FDA New Drug and Biologic Approvals, 2018 Midyear Review

Mary L Windle, PharmD


August 01, 2018

In This Article

Cystic Fibrosis: Symdeko (tezacaftor/ivacaftor)

Indication: Indicated for cystic fibrosis (CF) in patients aged 12 years or older who are homozygous for the F508del mutation or who have at least 1 mutation in the cystic fibrosis transmembrane conductance regulator (CFTR) gene that is responsive to tezacaftor/ivacaftor based on in vitro data and/or clinical evidence.


Tezacaftor: CFTR corrector; increases amount of mature CFTR protein at the cell surface by targeting the processing and trafficking defect of the F508del CFTR protein.

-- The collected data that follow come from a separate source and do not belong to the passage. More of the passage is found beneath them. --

Ltac continuity_tac :=
  repeat first
    [ assumption | apply continuity_pt_plus | apply continuity_pt_minus
    | apply continuity_pt_mult | apply continuity_pt_opp
    | apply continuity_pt_const; intros ? ?; reflexivity ];
  auto.

Lemma is_derive_pos_right (g : R -> R) a l :
  is_derive g a l -> 0 < l -> exists d, 0 < d /\ forall s, a < s < a + d -> g a < g s.
Proof.
  intros Hg Hl. apply is_derive_Reals in Hg.
  destruct (Hg (l / 2) ltac:(lra)) as [d Hd].
  exists d. split; [apply cond_pos |]. intros s Hs.
  assert (Hds : Rabs (s - a) < d) by (rewrite Rabs_right; lra).
  specialize (Hd (s - a) ltac:(lra) Hds).
  replace (a + (s - a)) with s in Hd by ring.
  apply Rabs_def2 in Hd.
  assert (Hprod : 0 < (g s - g a) / (s - a) * (s - a)) by (apply Rmult_lt_0_compat; lra).
  replace ((g s - g a) / (s - a) * (s - a)) with (g s - g a) in Hprod by (field; lra).
  lra.
Qed.

Lemma is_derive_max_eq0 (f : R -> R) a l :
  is_derive f a l -> (forall s, f s <= f a) -> l = 0.
Proof.
  intros Hf Hmax.
  exact (deriv_maximum f (a - 1) (a + 1) a (exist _ l (proj1 (is_derive_Reals _ _ _) Hf))
           ltac:(lra) ltac:(lra) (fun s _ _ => Hmax s)).
Qed.

Lemma Rlt_of_derive_pos (f df : R -> R) a b :
  a < b -> (forall c, is_derive f c (df c)) -> (forall c, a < c < b -> 0 < df c) ->
  f a < f b.
Proof.
  intros Hab Hf Hpos.
  destruct (MVT_cor2 f df a b Hab) as [c [Hc Hcab]].
  - intros c _. apply is_derive_Reals, Hf.
  - specialize (Hpos c Hcab). nra.
Qed.
(* Let $s\ge1$ and $\varphi\in\mathcal B_s\cap\big(S_1(\zeta_2,\zeta_{22})\circ S_{s-1}(A)\big)$. Then $\varphi\in S_s(\zeta_2,\zeta_{22})$.
   Context: Forms on $\mathbf P^1\times\mathbf P^1$: $\zeta_i=dz_i/z_i$, $\zeta_{ii}=dz_i/(1-z_i)$ ($i=1,2$), $\zeta_{12}=d(z_1z_2)/(1-z_1z_2)$; $A=\{\zeta_1,\zeta_{11},\zeta_2,\zeta_{22},\zeta_{12}\}$. $S_s(A)$ is the vector space with basis the words of length $s$ in $A$, $\circ$ is concatenation. $S_1(\zeta_2,\zeta_{22})\circ S_{s-1}(A)$ is the span of words of length $s$ whose first letter is $\zeta_2$ or $\zeta_{22}$, and $S_s(\zeta_2,\zeta_{22})$ the span of words of length $s$ in the letters $\zeta_2,\zeta_{22}$ only. A homogeneous element $\sum_Ic_I\omega_{i_1}\circ\cdots\circ\omega_{i_s}\in S_s(A)$ satisfies Chen's integrability condition if for each $1\le l<s$, $\sum_Ic_I\omega_{i_1}\otimes\cdots\otimes(\omega_{i_l}\wedge\omega_{i_{l+1}})\otimes\cdots\otimes\omega_{i_s}=0$ as a multiple differential form; $\mathcal B_s$ is the space of elements of $S_s(A)$ satisfying it. *)

From HB Require Import structures.
From mathcomp Require Import all_boot all_order all_algebra.
From mathcomp Require Import fraction.
Set Implicit Arguments. Unset Strict Implicit. Unset Printing Implicit Defensive.
Import Order.TTheory GRing.Theory Num.Theory.
Local Open Scope ring_scope.

Inductive letter := L1 | L11 | L2 | L22 | L12.
Definition letters : seq letter := [:: L1; L11; L2; L22; L12].

(* Scalars: a number field F (e.g. rat, real, algC).  Rational functions in
   z1, z2 : the field F(z1,z2) = Frac(F[z2][z1]). *)
Definition RF (F : numFieldType) := {fraction {poly {poly F}}}.
Definition emb (F : numFieldType) (p : {poly {poly F}}) : RF F :=
  @FracField.tofrac {poly {poly F}} p.
Definition z1 (F : numFieldType) : RF F := emb 'X.
Definition z2 (F : numFieldType) : RF F := emb ('X%:P).
Definition cst (F : numFieldType) (c : F) : RF F := emb ((c%:P)%:P).

(* A rational 1-form  a dz1 + b dz2  is the pair (a, b). *)
Definition form (F : numFieldType) (l : letter) : RF F * RF F :=
  match l with
  | L1  => ((z1 F)^-1, 0)
  | L11 => ((1 - z1 F)^-1, 0)
  | L2  => (0, (z2 F)^-1)
  | L22 => (0, (1 - z2 F)^-1)
  | L12 => (z2 F / (1 - z1 F * z2 F), z1 F / (1 - z1 F * z2 F))
  end.

(* Wedge of two 1-forms: coefficient of dz1 /\ dz2. *)
Definition wedge (F : numFieldType) (w w' : RF F * RF F) : RF F :=
  w.1 * w'.2 - w.2 * w'.1.

(* An element of the free vector space on words is its coefficient function
   phi : seq letter -> F.  It lies in S_s(A) iff it is supported on words of
   length s (finite support is then automatic). *)
Definition in_S (F : numFieldType) (s : nat) (phi : seq letter -> F) : Prop :=
  forall w, phi w <> 0 -> size w = s.

(* Chen's integrability condition for a homogeneous element of length s:
   for each 1 <= l < s (prefix u of length l-1, suffix v of length s-l-1),
   the multiple form  sum_I c_I w_{i1} (x) .. (x) (w_{il} /\ w_{il+1}) (x) .. 
   vanishes.  Since the 1-forms of A are linearly independent over F, this is
   equivalent to the vanishing, for every prefix u and suffix v, of the
   2-form  sum_{a,b} c_{u a b v} (w_a /\ w_b). *)
Definition chen (F : numFieldType) (s : nat) (phi : seq letter -> F) : Prop :=
  forall u v : seq letter, (size u + size v + 2)%N = s ->
    \sum_(a <- letters) \sum_(b <- letters)
       cst (phi (u ++ a :: b :: v)) * wedge (form F a) (form F b) = 0.

Definition in_B (F : numFieldType) (s : nat) (phi : seq letter -> F) : Prop :=
  in_S s phi /\ chen s phi.

Definition is_two (a : letter) : bool :=
  match a with L2 | L22 => true | _ => false end.

Definition in_S1_two_first (F : numFieldType) (s : nat) (phi : seq letter -> F) : Prop :=
  in_S s phi /\ (forall a w, ~~ is_two a -> phi (a :: w) = 0).

Definition in_S_two (F : numFieldType) (s : nat) (phi : seq letter -> F) : Prop :=
  in_S s phi /\ (forall w, phi w <> 0 -> all is_two w).

From Pilot Require Import Defs.
From mathcomp Require Import all_boot all_order all_algebra fraction.
From mathcomp Require Import ring.
Set Implicit Arguments. Unset Strict Implicit. Unset Printing Implicit Defensive.
Import GRing.Theory Num.Theory.
Local Open Scope ring_scope.

(* For a prefix u and suffix v, the coefficients c a b := phi (u ++ a :: b :: v)
   vanish unless a is zeta_2 or zeta_22, by induction on the length of u.
   Then in Chen's 2-form only dz2 /\ dz1 survives, with coefficient
   - sum_(a in {2,22}, b in {1,11,12}) c a b g_a f_b, where g_a is the dz2-part
   of zeta_a and f_b the dz1-part of zeta_b.  The six products
   1/(z2 z1), 1/(z2 (1-z1)), 1/(1-z1 z2), 1/((1-z2) z1), 1/((1-z2)(1-z1)),
   z2/((1-z2)(1-z1 z2)) are linearly independent, so these c a b vanish too:
   the next letter b is again zeta_2 or zeta_22. *)

(* The dz1 /\ dz2 coefficient of Chen's 2-form when all first letters are
   zeta_2 or zeta_22, multiplied by - z1 z2 (1-z1) (1-z2) (1-z1 z2). *)
Definition chen_numerator (R : comNzRingType) (x y : R) (k : letter -> letter -> R) : R :=
  k L2 L1 * (1 - x) * (1 - y) * (1 - x * y)
  + k L2 L11 * x * (1 - y) * (1 - x * y)
  + k L2 L12 * x * y * (1 - x) * (1 - y)
  + k L22 L1 * y * (1 - x) * (1 - x * y)
  + k L22 L11 * x * y * (1 - x * y)
  + k L22 L12 * x * y * y * (1 - x).

Lemma rmorph_chen_numerator (R S : comNzRingType) (f : {rmorphism R -> S}) x y k :
  f (chen_numerator x y k) = chen_numerator (f x) (f y) (fun a b => f (k a b)).
Proof. by rewrite /chen_numerator !rmorphD !rmorphM !rmorphB !rmorph1 !rmorphM. Qed.

(* [Defs.form F] is [form_at (z1 F) (z2 F)] up to conversion; stating the
   identity over an abstract field keeps [field] fast. *)
Definition form_at (K : fieldType) (x y : K) (l : letter) : K * K :=
  match l with
  | L1  => (x^-1, 0)
  | L11 => ((1 - x)^-1, 0)
  | L2  => (0, y^-1)
  | L22 => (0, (1 - y)^-1)
  | L12 => (y / (1 - x * y), x / (1 - x * y))
  end.

Lemma chen_numerator_two_first (K : fieldType) (x y : K) (k : letter -> letter -> K) :
  x != 0 -> y != 0 -> 1 - x != 0 -> 1 - y != 0 -> 1 - x * y != 0 ->
  (forall a b, ~~ is_two a -> k a b = 0) ->
  chen_numerator x y k = - (x * y * (1 - x) * (1 - y) * (1 - x * y)) *
    \sum_(a <- letters) \sum_(b <- letters)
      k a b * ((form_at x y a).1 * (form_at x y b).2 - (form_at x y a).2 * (form_at x y b).1).
Proof.
move=> nx ny n1x n1y n1xy k0.
rewrite /letters !big_cons !big_nil !(k0 L1) ?(k0 L11) ?(k0 L12) // /chen_numerator /=.
by field; rewrite nx ny n1x n1y n1xy.
Qed.

Lemma chen_numerator_coef_eq0 (F : numFieldType) (c : letter -> letter -> F) :
  (forall x y : F, chen_numerator x y c = 0) ->
  forall a b, is_two a -> ~~ is_two b -> c a b = 0.
Proof.
move=> c0.
have natr_mul_eq0 n (t : F) : (0 < n)%N -> n%:R * t = 0 -> t = 0.
  by move=> n_gt0 /eqP; rewrite mulf_eq0 pnatr_eq0 eqn0Ngt n_gt0 => /eqP.
have e21 : c L2 L1 = 0 by rewrite -[RHS](c0 0 0) /chen_numerator; ring.
have e211 : c L2 L11 = 0 by rewrite -[RHS](c0 1 0) /chen_numerator; ring.
have e221 : c L22 L1 = 0 by rewrite -[RHS](c0 0 1) /chen_numerator; ring.
have e2211 : c L22 L11 = 0.
  apply: (natr_mul_eq0 2) => //.
  apply/eqP; rewrite -oppr_eq0; apply/eqP.
  by rewrite -[RHS](c0 1 2) /chen_numerator e211; ring.
have e2212 : c L22 L12 = 0.
  apply: (natr_mul_eq0 2) => //.
  apply/eqP; rewrite -oppr_eq0; apply/eqP.
  by rewrite -[RHS](c0 2 1) /chen_numerator e221 e2211; ring.
have e212 : c L2 L12 = 0.
  apply: (natr_mul_eq0 4) => //.
  by rewrite -[RHS](c0 2 2) /chen_numerator e21 e211 e221 e2211 e2212; ring.
by case=> [] [].
Qed.

Section RationalFunctions.
Variable F : numFieldType.
Local Notation ev a b p := (horner_eval a (map_poly (horner_eval b) p)).

Lemma ev_X (a b : F) : ev a b 'X = a.
Proof. by rewrite map_polyX horner_evalE hornerX. Qed.

Lemma ev_Y (a b : F) : ev a b ('X%:P) = b.
Proof. by rewrite map_polyC horner_evalE hornerC /= horner_evalE hornerX. Qed.

Lemma ev_C (a b c : F) : ev a b ((c%:P)%:P) = c.
Proof. by rewrite map_polyC horner_evalE hornerC /= horner_evalE hornerC. Qed.

Lemma emb_neq0 (p : {poly {poly F}}) (a b : F) : ev a b p != 0 -> emb p != 0.
Proof. by rewrite /emb tofrac_eq0 => nz; apply: contraNneq nz => ->; rewrite !rmorph0. Qed.

Lemma cst0 : cst (0 : F) = 0.
Proof. by rewrite /cst /emb !polyC0 rmorph0. Qed.

Lemma chen_numerator_fraction_eq0 (c : letter -> letter -> F) :
  chen_numerator (z1 F) (z2 F) (fun a b => cst (c a b)) = 0 ->
  forall x y, chen_numerator x y c = 0.
Proof.
rewrite /z1 /z2 /cst /emb -rmorph_chen_numerator => /eqP; rewrite tofrac_eq0 => /eqP P0 x y.
have := congr1 (horner_eval x \o map_poly (horner_eval y)) P0.
rewrite rmorph_chen_numerator rmorph0 /= ev_X ev_Y.
by rewrite /chen_numerator /= !ev_C.
Qed.

Lemma denominators_neq0 :
  [/\ z1 F != 0, z2 F != 0, 1 - z1 F != 0, 1 - z2 F != 0 & 1 - z1 F * z2 F != 0].
Proof.
rewrite /z1 /z2 -(rmorph1 (@FracField.tofrac _)) -!rmorphM -!rmorphB.
split; [apply: (@emb_neq0 _ 1 0)|apply: (@emb_neq0 _ 0 1)|apply: (@emb_neq0 _ 0 0)..];
  by rewrite ?rmorphB ?rmorphM ?rmorph1 /= ?ev_X ?ev_Y ?mul0r ?subr0 oner_eq0.
Qed.

Lemma chen_two_second (c : letter -> letter -> F) :
  (forall a b, ~~ is_two a -> c a b = 0) ->
  \sum_(a <- letters) \sum_(b <- letters) cst (c a b) * wedge (Defs.form F a) (Defs.form F b) = 0 ->
  forall a b, ~~ is_two b -> c a b = 0.
Proof.
move=> c0 chen0.
have [nx ny n1x n1y n1xy] := denominators_neq0.
have cst_c0 a b : ~~ is_two a -> cst (c a b) = 0 by move/c0 ->; exact: cst0.
have := chen_numerator_two_first nx ny n1x n1y n1xy cst_c0.
rewrite [X in _ * X]chen0 mulr0 => /chen_numerator_fraction_eq0 /chen_numerator_coef_eq0 c_two.
by move=> a b nb; case ha: (is_two a); [exact: c_two | rewrite c0 ?ha].
Qed.
End RationalFunctions.

Section Support.
Variables (F : numFieldType) (s : nat) (phi : seq letter -> F).
Hypotheses (phi_S : in_S s phi) (phi_chen : chen s phi).
Hypothesis phi_two_first : forall a w, ~~ is_two a -> phi (a :: w) = 0.

Lemma is_two_of_support u a v : phi (u ++ a :: v) != 0 -> is_two a.
Proof.
elim/last_ind: u a v => [|u a' IH] a v phi_ne0.
  by apply: contraNT phi_ne0 => /phi_two_first ->.
rewrite cat_rcons in phi_ne0.
have len : (size u + size v + 2)%N = s.
  by rewrite -(phi_S (elimN eqP phi_ne0)) size_cat /= -addnA addn2.
have two_first x y : ~~ is_two x -> phi (u ++ x :: y :: v) = 0.
  by move=> nx; apply/eqP; exact: contraNT (IH x (y :: v)) nx.
apply: contraNT phi_ne0 => na; apply/eqP.
exact: (chen_two_second two_first (phi_chen len)).
Qed.

Lemma all_two_of_support u w : phi (u ++ w) != 0 -> all is_two w.
Proof.
elim: w u => [//|a w IH] u phi_ne0 /=.
by rewrite (is_two_of_support phi_ne0) (IH (rcons u a)) // cat_rcons.
Qed.
End Support.

Theorem lemma5p8 (F : numFieldType) (s : nat) (phi : seq letter -> F) :
  (1 <= s)%N -> in_B s phi -> in_S1_two_first s phi -> in_S_two s phi.
Proof.
move=> _ [phi_S phi_chen] [_ phi_two_first]; split=> // w /eqP phi_ne0.
exact: (all_two_of_support phi_S phi_chen phi_two_first (u := [::])).
Qed.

Ivacaftor: CFTR potentiator; enhances function of the CFTR protein once it reaches the cell surface.


  • Copackaged as a fixed dose combination tablet of tezacaftor 100 mg and ivacaftor 150 mg PLUS a separate ivacaftor 150mg tablet.

  • Morning dose: One tezacaftor/ivacaftor 100-mg/150-mg fixed-dose tablet PO.

  • Evening dose: One ivacaftor 150-mg tablet PO.

  • Administer morning and evening doses ~12 hr apart.

Approval was based on the EVOLVE and EXPAND phase 3 trials. Results showed treatment with tezacaftor/ivacaftor and ivacaftor measured improvements across multiple disease measures, including lung function and pulmonary exacerbations compared with ivacaftor monotherapy.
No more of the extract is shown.